(* No measurability is assumed: the posterior integrands are not known to be
   measurable in the parameter. *)
Lemma ge0_ae_le_integralZ (f g : T -> \bar R) (k : R) : (0 < k)%R ->
  (forall x, 0 <= f x) -> (forall x, 0 <= g x) ->
  {ae mu, forall x, f x <= k%:E * g x} ->
  \int[mu]_x f x <= k%:E * \int[mu]_x g x.
Proof.
move=> k_gt0 f_ge0 g_ge0 [N [mN muN fgN]].
have fg x : ~ N x -> f x <= k%:E * g x.
  by move=> Nx; apply: contrapT => nfg; apply: Nx; apply: fgN.
rewrite (ge0_integralTE _ f_ge0) (ge0_integralTE _ g_ge0).
apply: ge_ereal_sup => _ [h /= hf <-].
have kV_ge0 : (0 <= k^-1)%R by rewrite invr_ge0 ltW.
pose h' := scale_nnsfun (proj_nnsfun h (measurableC mN)) kV_ge0.
have h'E x : h' x = (k^-1 * (h x * \1_(~` N) x))%R by [].
have h'g x : (h' x)%:E <= g x.
  rewrite h'E indicE; have [Nx|Nx] := pselect (N x).
    by rewrite memNset //= !mulr0 g_ge0.
  rewrite mem_set // mulr1 EFinM.
  apply: (@le_trans _ _ ((k^-1)%:E * (k%:E * g x))).
    by apply: lee_wpmul2l; [rewrite lee_fin|exact: le_trans (hf x) (fg x Nx)].
  by rewrite muleA -EFinM mulVf ?gt_eqF // mul1e.
have sint_nnsfun (u : {nnsfun T >-> R}) : sintegral mu u = \int[mu]_x (u x)%:E.
  by rewrite integral_nnsfun // patch_setT.
have -> : sintegral mu h = k%:E * sintegral mu h'.
  have -> : sintegral mu h' = (k^-1)%:E * sintegral mu (proj_nnsfun h (measurableC mN)).
    by rewrite -sintegralrM.
  rewrite muleA -EFinM divff ?gt_eqF // mul1e !sint_nnsfun.
  rewrite (ge0_negligible_integral _ _ _ _ muN) //; last 2 first.
  - exact/measurable_EFinP.
  - by move=> x _; rewrite lee_fin.
  rewrite [RHS](ge0_negligible_integral _ _ _ _ muN) //; last 2 first.
  - exact/measurable_EFinP.
  - by move=> x _; rewrite lee_fin.
  apply: eq_integral => x; rewrite inE => -[_ Nx].
  have -> : proj_nnsfun h (measurableC mN) x = (h x * \1_(~` N) x)%R by [].
  by rewrite indicE (@mem_set _ (~` N) x Nx) mulr1.
rewrite lee_pmul2l ?lte_fin //.
exact: ereal_sup_ubound (ex_intro2 _ _ h' h'g erefl).
Qed.

End nonneg_integral.

Lemma lee_ratio (R : realType) (X Y U V : \bar R) (K c : R) :
  (0 < K)%R -> (0 < c)%R -> (0 <= X)%E -> (0 <= Y)%E -> (0 <= U)%E -> (0 <= V)%E ->
  (X <= (K / c)%:E * U)%E -> (V <= c%:E * Y)%E ->
  (X * Y^-1 <= K%:E * (U * V^-1))%E.
Proof.
move=> K_gt0 c_gt0 X_ge0 Y_ge0 U_ge0 V_ge0 XU VY.
apply: (le_trans (lee_wpmul2r _ XU)); first by rewrite inve_ge0.
have cY_ge0 : (0 <= c%:E * Y)%E by rewrite mule_ge0 // lee_fin ltW.
have cYV : ((c%:E * Y)^-1 = (c^-1)%:E * Y^-1)%E.
  rewrite inveM; last first.
    case: Y Y_ge0 {XU VY cY_ge0} => [s||] //= _.
    by rewrite (gt_eqF c_gt0) (ltW c_gt0) implybT.
  by congr (_ * _)%E; rewrite /inve /= gt_eqF.
have -> : ((K / c)%:E * U * Y^-1 = K%:E * (U * (c%:E * Y)^-1))%E.
  by rewrite cYV EFinM -!muleA; congr (_ * _)%E; rewrite muleCA.
apply: lee_wpmul2l; first by rewrite lee_fin ltW.
by apply: lee_wpmul2l => //; rewrite lee_pV2 // inE.
Qed.

Section unit_interval.
Context {R : realType}.
Implicit Types (N : set R) (F G : R -> R).

Lemma measurable_I01 : measurable (@I01 R).
Proof. exact: measurable_itv. Qed.

Lemma leb01_I01 : leb01 (@I01 R) = 1%E.
Proof. by rewrite /leb01 /I01 lebesgue_measure_itv /= lte01 /= oppr0 adde0. Qed.

(* The bound is only required off a null set [N] because gamma_n is controlled
   through an essential supremum. *)
Definition bdd_measurable N F :=
  measurable_fun I01 F /\ exists B, forall x, (I01 `\` N) x -> `|F x| <= B.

_What you will do_
Say how many lines in the listing above hold "Lemma". Give the number only.

_Problem solution_
4